EXERCISE PROMPT:
Set down exactly, from the records below, the line with "Rabs_le_between in Hv." through the line with "- fold t s; now replace (t - 0", and nothing else.

(Stored items)
>>>

(* Let $H=\{\lambda\in B_{1/\sqrt2}(0):\ \mathrm{Re}(\lambda)>0,\ \mathrm{Im}(\lambda)>0\}\setminus B_{2/3}(1/3)$. For every $\lambda\in H$ there exist real numbers $a\ge1$ and $b\ge 1/2$ such that $$R_{a,b}\subset \lambda R_{a,b}\cup(\lambda R_{a,b}-1)\cup(\lambda R_{a,b}+1).$$
   Context: $B_r(z_0)$ is the open disc of radius $r$ centered at $z_0$. For $a,b>0$, $R_{a,b}\subset\mathbb C$ is the closed rectangle centered at the origin with vertices $\pm a\pm ib$. For a set $E$, $\lambda E+c=\{\lambda z+c: z\in E\}$. *)

From Stdlib Require Import Reals.
From Coquelicot Require Import Coquelicot.
Open Scope R_scope.

Definition disc (z0 : C) (r : R) (z : C) : Prop := Cmod (z - z0)%C < r.

Definition rect (a b : R) (z : C) : Prop :=
  Rabs (Re z) <= a /\ Rabs (Im z) <= b.

Definition affine_image (lam c : C) (E : C -> Prop) (z : C) : Prop :=
  exists w : C, E w /\ z = (lam * w + c)%C.

Definition Hset (lam : C) : Prop :=
  disc 0%C (1 / sqrt 2) lam /\ 0 < Re lam /\ 0 < Im lam /\
  ~ disc (RtoC (1/3)) (2/3) lam.

(* Write λ = x + iy, s = |λ|² and, for c ∈ {-1, 0, 1}, q = (z - c)/λ.  Since
   y Re q = Im z - x Im q, a point z of R_{a,b} with |Im q| ≤ b already has
   |Re q| ≤ a as soon as b (1 + x) ≤ a y.  The condition |Im q| ≤ b says that
   t = y Re z - x Im z lies within b s of c y, and |t| ≤ a y + b x.  With
   d = 1 + 2x - s, a = (1 + x)/d and b = y/d one gets a y = b (1 + x) and
   a y + b x = y + b s, so the three intervals cover the range of t once
   y ≤ 2 b s, i.e. d ≤ 2s, which is exactly λ ∉ B_{2/3}(1/3); a ≥ 1 and
   b ≥ 1/2 follow from |λ|² < 1/2. *)
From Pilot Require Import Defs.
From Stdlib Require Import Reals Lra Psatz.
From Coquelicot Require Import Coquelicot.
Open Scope R_scope.

Lemma disc_iff_sqr (z0 z : C) (r : R) :
  0 <= r -> Defs.disc z0 r z <-> Re (z - z0)%C ^ 2 + Im (z - z0)%C ^ 2 < r ^ 2.
Proof.
  intros Hr; unfold Defs.disc; rewrite <- Cmod2_alt.
  pose proof (Cmod_ge_0 (z - z0)%C).
  split; intros Hsq; nra.
Qed.

Lemma Hset_coords (x y : R) :
  Hset (x, y) ->
  0 < x /\ 0 < y /\ x ^ 2 + y ^ 2 < 1 / 2 /\ 1 + 2 * x <= 3 * (x ^ 2 + y ^ 2).
Proof.
  intros [Hin [Hx [Hy Hout]]]; simpl in Hx, Hy.
  assert (Hsqrt2 : 0 < sqrt 2) by (apply sqrt_lt_R0; lra).
  rewrite disc_iff_sqr in Hin by (apply Rlt_le, Rdiv_lt_0_compat; lra).
  rewrite disc_iff_sqr in Hout by lra.
  replace ((1 / sqrt 2) ^ 2) with (1 / 2) in Hin
    by (field_simplify; [rewrite pow2_sqrt by lra; lra | lra]).
  simpl in Hin, Hout |- *.
  repeat split; try lra; nra.
Qed.

Lemma rect_of_Im_bounds (lam q : C) (a b : R) :
  0 <= Re lam -> 0 < Im lam -> b * (1 + Re lam) <= a * Im lam ->
  Rabs (Im (lam * q)) <= b -> Rabs (Im q) <= b -> rect a b q.
Proof.
  destruct lam as [x y], q as [q1 q2]; simpl.
  intros Hx Hy Hab Himg Hq; split; [|exact Hq].
  apply Rabs_le_between in Himg; apply Rabs_le_between in Hq.
  apply Rabs_le_between.
  assert (Hxq : - (x * b) <= x * q2 <= x * b) by (split; nra).
  assert (Hyq : - (a * y) <= y * q1 <= a * y) by lra.
  simpl; split; nra.
Qed.

Lemma Im_div_mul_sqr (w lam : C) :
  lam <> 0%C ->
  Im (w / lam) * (Re lam ^ 2 + Im lam ^ 2) = Im w * Re lam - Re w * Im lam.
Proof.
  intros Hlam.
  assert (Hs : Re lam ^ 2 + Im lam ^ 2 <> 0).
  { rewrite <- Cmod2_alt; apply pow_nonzero; intros H0; apply Hlam, Cmod_eq_0, H0. }
  destruct lam as [x y], w as [u v]; simpl in *.
  field; contradict Hs; lra.
Qed.

Lemma affine_image_of_quotient (lam c : C) (E : C -> Prop) (z : C) :
  lam <> 0%C -> E ((z - c) / lam)%C -> affine_image lam c E z.
Proof.
  intros Hlam HE; exists ((z - c) / lam)%C; split; [exact HE | field; exact Hlam].
Qed.

Lemma three_intervals_cover (t y r : R) :
  y <= 2 * r -> Rabs t <= y + r ->
  Rabs t <= r \/ Rabs (t + y) <= r \/ Rabs (t - y) <= r.
Proof.
  intros Hy Ht; rewrite !Rabs_le_between in *.
  destruct (Rle_dec t r), (Rle_dec (- r) t); lra.
Qed.

Lemma affine_image_rect (lam z : C) (a b c : R) :
  0 <= Re lam -> 0 < Im lam -> b * (1 + Re lam) <= a * Im lam ->
  Rabs (Im z) <= b ->
  Rabs (Re z * Im lam - Im z * Re lam - c * Im lam) <= b * (Re lam ^ 2 + Im lam ^ 2) ->
  affine_image lam (RtoC c) (rect a b) z.
Proof.
  intros Hx Hy Hab Hv Ht.
  assert (Hlam : lam <> 0%C) by (intros H0; rewrite H0 in Hy; simpl in Hy; lra).
  assert (Hs : 0 < Re lam ^ 2 + Im lam ^ 2) by nra.
  assert (Hre : Re (z - RtoC c) = Re z - c) by (destruct z; simpl; ring).
  assert (Him : Im (z - RtoC c) = Im z) by (destruct z; simpl; ring).
  apply affine_image_of_quotient; [exact Hlam|].
  apply rect_of_Im_bounds with (1 := Hx) (2 := Hy) (3 := Hab).
  - replace (lam * ((z - c) / lam))%C with (z - c)%C by (field; exact Hlam).
    rewrite Him; exact Hv.
  - apply (Rmult_le_reg_r _ _ _ Hs).
    rewrite <- (Rabs_pos_eq _ (Rlt_le _ _ Hs)) at 1.
    rewrite <- Rabs_mult, Im_div_mul_sqr, Hre, Him, <- Rabs_Ropp by exact Hlam.
    replace (- (Im z * Re lam - (Re z - c) * Im lam))
      with (Re z * Im lam - Im z * Re lam - c * Im lam) by ring.
    exact Ht.
Qed.

Lemma rect_in_three_translates (lam : C) (a b : R) :
  let s := Re lam ^ 2 + Im lam ^ 2 in
  0 <= Re lam -> 0 < Im lam -> b * (1 + Re lam) <= a * Im lam ->
  a * Im lam + b * Re lam <= Im lam + b * s -> Im lam <= 2 * b * s ->
  forall z : C, rect a b z ->
    affine_image lam 0%C (rect a b) z \/
    affine_image lam (RtoC (-1)) (rect a b) z \/
    affine_image lam (RtoC 1) (rect a b) z.
Proof.
  intros s Hx Hy Hab Hreach Hoverlap z [Hu Hv].
  set (t := Re z * Im lam - Im z * Re lam).
  assert (Ht : Rabs t <= Im lam + b * s).
  { apply Rabs_le_between in Hu; apply Rabs_le_between in Hv.
    apply Rabs_le_between; unfold t; split; nra. }
  rewrite Rmult_assoc in Hoverlap.
  destruct (three_intervals_cover t (Im lam) (b * s) Hoverlap Ht) as [H|[H|H]];
    [left | right; left | right; right];
    apply affine_image_rect; try assumption.
  - fold t s; now replace (t - 0 * Im lam) with t by ring.
  - fold t s; now replace (t - -1 * Im lam) with (t + Im lam) by ring.
  - fold t s; now replace (t - 1 * Im lam) with (t - Im lam) by ring.
Qed.

Section CoverParameters.

Variables x y : R.
Hypothesis Hx : 0 < x.
Hypothesis Hy : 0 < y.
Hypothesis Hsmall : x ^ 2 + y ^ 2 < 1 / 2.
Hypothesis Hfar : 1 + 2 * x <= 3 * (x ^ 2 + y ^ 2).

Let s := x ^ 2 + y ^ 2.
Let d := 1 + 2 * x - s.

Definition cover_width := (1 + x) / d.
Definition cover_height := y / d.

Let d_pos : 0 < d.
Proof. unfold d, s; lra. Qed.

Let cover_width_mul : cover_width * d = 1 + x.
Proof. unfold cover_width; field; lra. Qed.

Let cover_height_mul : cover_height * d = y.
Proof. unfold cover_height; field; lra. Qed.

Lemma cover_width_ge1 : 1 <= cover_width.
Proof.
  apply (Rmult_le_reg_r d); [exact d_pos|].
  rewrite cover_width_mul; unfold d, s; nra.
Qed.

Lemma cover_height_ge_half : 1 / 2 <= cover_height.
Proof.
  apply (Rmult_le_reg_r d); [exact d_pos|].
  assert (Hy2 : 1 / 4 <= y ^ 2) by nra.
  rewrite cover_height_mul; unfold d, s; nra.
Qed.

Lemma cover_height_width : cover_height * (1 + x) = cover_width * y.
Proof. rewrite <- cover_width_mul, <- cover_height_mul; ring. Qed.

Lemma cover_reach : cover_width * y + cover_height * x = y + cover_height * s.
Proof.
  rewrite <- cover_height_width, <- cover_height_mul at 1; unfold d; ring.
Qed.

Lemma cover_overlap : y <= 2 * cover_height * s.
Proof.
  rewrite <- cover_height_mul.
  assert (0 <= cover_height) by (pose proof cover_height_ge_half; lra).
  assert (d <= 2 * s) by (unfold d, s in *; lra).
  nra.
Qed.

End CoverParameters.

Theorem mainTheorem4 :
  forall lam : C, Hset lam ->
  exists a b : R, 1 <= a /\ 1/2 <= b /\
    forall z : C, rect a b z ->
      affine_image lam 0%C (rect a b) z \/
      affine_image lam (RtoC (-1)) (rect a b) z \/
      affine_image lam (RtoC 1) (rect a b) z.
Proof.
  intros [x y] Hlam.
  destruct (Hset_coords x y Hlam) as [Hx [Hy [Hsmall Hfar]]].
  exists (cover_width x y), (cover_height x y).
  split; [apply cover_width_ge1; assumption|].
  split; [apply cover_height_ge_half; assumption|].
  apply rect_in_three_translates; simpl.
  - lra.
  - exact Hy.
  - rewrite cover_height_width by assumption; lra.
  - rewrite cover_reach by assumption; lra.
  - apply cover_overlap; assumption.
Qed.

<<<

OUTPUT FOR THIS TASK:
  { apply Rabs_le_between in Hu; apply Rabs_le_between in Hv.
    apply Rabs_le_between; unfold t; split; nra. }
  rewrite Rmult_assoc in Hoverlap.
  destruct (three_intervals_cover t (Im lam) (b * s) Hoverlap Ht) as [H|[H|H]];
    [left | right; left | right; right];
    apply affine_image_rect; try assumption.
  - fold t s; now replace (t - 0 * Im lam) with t by ring.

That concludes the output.